_Information shown_:
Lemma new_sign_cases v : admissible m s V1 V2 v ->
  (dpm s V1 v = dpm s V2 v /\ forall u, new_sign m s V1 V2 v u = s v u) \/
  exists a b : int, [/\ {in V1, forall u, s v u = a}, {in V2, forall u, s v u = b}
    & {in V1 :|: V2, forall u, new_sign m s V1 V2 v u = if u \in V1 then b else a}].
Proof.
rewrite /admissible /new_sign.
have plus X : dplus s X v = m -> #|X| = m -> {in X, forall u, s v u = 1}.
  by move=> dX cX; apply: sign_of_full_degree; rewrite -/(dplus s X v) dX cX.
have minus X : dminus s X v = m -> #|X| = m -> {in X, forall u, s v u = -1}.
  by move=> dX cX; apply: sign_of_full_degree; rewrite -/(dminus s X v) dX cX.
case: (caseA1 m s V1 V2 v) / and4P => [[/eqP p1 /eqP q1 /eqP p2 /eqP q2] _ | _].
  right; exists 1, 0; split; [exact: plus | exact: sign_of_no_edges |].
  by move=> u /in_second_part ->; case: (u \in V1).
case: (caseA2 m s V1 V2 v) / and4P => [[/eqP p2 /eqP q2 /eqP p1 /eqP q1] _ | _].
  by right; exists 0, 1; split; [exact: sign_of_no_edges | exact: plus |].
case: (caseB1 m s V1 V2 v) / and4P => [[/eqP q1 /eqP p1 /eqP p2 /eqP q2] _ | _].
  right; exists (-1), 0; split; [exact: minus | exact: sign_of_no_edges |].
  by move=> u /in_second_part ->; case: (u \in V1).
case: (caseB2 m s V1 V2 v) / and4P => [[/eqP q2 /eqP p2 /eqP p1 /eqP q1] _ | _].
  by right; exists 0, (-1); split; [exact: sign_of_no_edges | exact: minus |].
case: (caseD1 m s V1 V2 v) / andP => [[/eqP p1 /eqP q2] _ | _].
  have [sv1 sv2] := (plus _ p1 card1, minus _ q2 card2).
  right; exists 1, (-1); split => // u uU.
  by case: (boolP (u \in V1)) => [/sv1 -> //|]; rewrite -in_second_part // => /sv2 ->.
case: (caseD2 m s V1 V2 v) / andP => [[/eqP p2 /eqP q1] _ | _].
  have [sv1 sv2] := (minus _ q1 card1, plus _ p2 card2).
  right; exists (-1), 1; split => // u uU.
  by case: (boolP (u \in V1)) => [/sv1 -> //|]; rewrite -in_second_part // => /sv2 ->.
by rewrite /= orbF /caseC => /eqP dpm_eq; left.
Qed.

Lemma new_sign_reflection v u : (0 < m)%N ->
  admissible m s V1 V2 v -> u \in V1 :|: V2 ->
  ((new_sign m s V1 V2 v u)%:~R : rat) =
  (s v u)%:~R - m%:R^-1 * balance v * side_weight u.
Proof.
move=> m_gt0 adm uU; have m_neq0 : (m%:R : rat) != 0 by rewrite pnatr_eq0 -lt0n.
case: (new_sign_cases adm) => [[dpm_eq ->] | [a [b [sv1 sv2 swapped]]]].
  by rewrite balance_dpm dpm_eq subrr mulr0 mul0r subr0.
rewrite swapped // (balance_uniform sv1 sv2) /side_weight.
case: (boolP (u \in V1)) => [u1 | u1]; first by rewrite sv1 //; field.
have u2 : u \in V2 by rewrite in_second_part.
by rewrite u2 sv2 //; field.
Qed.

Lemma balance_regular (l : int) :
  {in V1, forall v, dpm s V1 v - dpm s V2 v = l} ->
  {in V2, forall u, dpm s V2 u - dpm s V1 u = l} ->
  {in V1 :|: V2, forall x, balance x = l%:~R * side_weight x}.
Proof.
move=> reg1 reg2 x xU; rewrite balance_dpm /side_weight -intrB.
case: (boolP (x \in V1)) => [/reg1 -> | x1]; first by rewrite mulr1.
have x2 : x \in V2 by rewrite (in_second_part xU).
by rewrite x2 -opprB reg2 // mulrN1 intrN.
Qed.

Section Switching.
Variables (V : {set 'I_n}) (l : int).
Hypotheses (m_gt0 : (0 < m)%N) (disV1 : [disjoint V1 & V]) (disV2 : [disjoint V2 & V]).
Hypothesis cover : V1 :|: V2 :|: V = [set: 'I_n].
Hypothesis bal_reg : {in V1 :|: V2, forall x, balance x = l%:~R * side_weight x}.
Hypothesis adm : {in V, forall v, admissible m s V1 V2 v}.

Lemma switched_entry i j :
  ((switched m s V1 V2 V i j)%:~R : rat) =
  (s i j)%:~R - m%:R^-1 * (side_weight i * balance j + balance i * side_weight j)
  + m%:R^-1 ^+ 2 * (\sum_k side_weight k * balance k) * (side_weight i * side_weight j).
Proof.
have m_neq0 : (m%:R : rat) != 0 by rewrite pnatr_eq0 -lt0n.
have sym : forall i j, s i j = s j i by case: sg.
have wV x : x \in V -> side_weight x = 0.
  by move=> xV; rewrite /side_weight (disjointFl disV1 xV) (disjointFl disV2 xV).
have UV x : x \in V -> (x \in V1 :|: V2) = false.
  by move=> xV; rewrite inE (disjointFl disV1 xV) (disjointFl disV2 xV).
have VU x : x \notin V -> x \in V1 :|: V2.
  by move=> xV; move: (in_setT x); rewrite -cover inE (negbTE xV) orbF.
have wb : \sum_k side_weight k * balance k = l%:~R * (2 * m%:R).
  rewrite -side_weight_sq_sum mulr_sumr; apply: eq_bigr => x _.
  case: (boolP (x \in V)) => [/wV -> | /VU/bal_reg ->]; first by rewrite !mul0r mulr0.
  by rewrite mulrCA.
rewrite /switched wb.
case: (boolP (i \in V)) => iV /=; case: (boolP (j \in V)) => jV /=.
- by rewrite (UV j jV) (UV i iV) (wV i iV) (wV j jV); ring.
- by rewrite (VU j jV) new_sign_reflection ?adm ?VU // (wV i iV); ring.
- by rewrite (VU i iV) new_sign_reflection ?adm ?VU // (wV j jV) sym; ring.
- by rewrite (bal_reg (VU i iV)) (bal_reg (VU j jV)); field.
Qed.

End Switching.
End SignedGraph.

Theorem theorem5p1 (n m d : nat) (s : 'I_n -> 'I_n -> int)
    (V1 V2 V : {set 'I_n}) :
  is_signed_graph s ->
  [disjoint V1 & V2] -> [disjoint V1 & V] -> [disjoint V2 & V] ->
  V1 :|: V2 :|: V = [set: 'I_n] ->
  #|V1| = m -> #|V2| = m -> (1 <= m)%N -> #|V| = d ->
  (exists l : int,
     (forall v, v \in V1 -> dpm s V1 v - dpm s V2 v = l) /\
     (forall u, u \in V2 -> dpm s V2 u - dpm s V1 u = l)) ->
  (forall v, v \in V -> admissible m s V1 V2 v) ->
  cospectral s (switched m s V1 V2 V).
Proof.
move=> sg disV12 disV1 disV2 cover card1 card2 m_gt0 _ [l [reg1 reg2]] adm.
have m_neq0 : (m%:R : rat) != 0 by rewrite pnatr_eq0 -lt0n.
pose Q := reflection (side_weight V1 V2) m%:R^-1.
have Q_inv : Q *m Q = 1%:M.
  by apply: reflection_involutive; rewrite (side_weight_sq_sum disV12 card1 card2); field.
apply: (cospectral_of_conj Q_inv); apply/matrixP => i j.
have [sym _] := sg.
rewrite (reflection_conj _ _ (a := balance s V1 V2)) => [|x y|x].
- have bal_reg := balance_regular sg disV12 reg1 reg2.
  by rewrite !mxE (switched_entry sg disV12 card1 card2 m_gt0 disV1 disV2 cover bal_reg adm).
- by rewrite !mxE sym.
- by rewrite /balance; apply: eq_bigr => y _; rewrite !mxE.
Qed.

_What you are asked to do_:
What lines above contain the word "dplus"? Please copy each one.

_Reply_:
have plus X : dplus s X v = m -> #|X| = m -> {in X, forall u, s v u = 1}.
  by move=> dX cX; apply: sign_of_full_degree; rewrite -/(dplus s X v) dX cX.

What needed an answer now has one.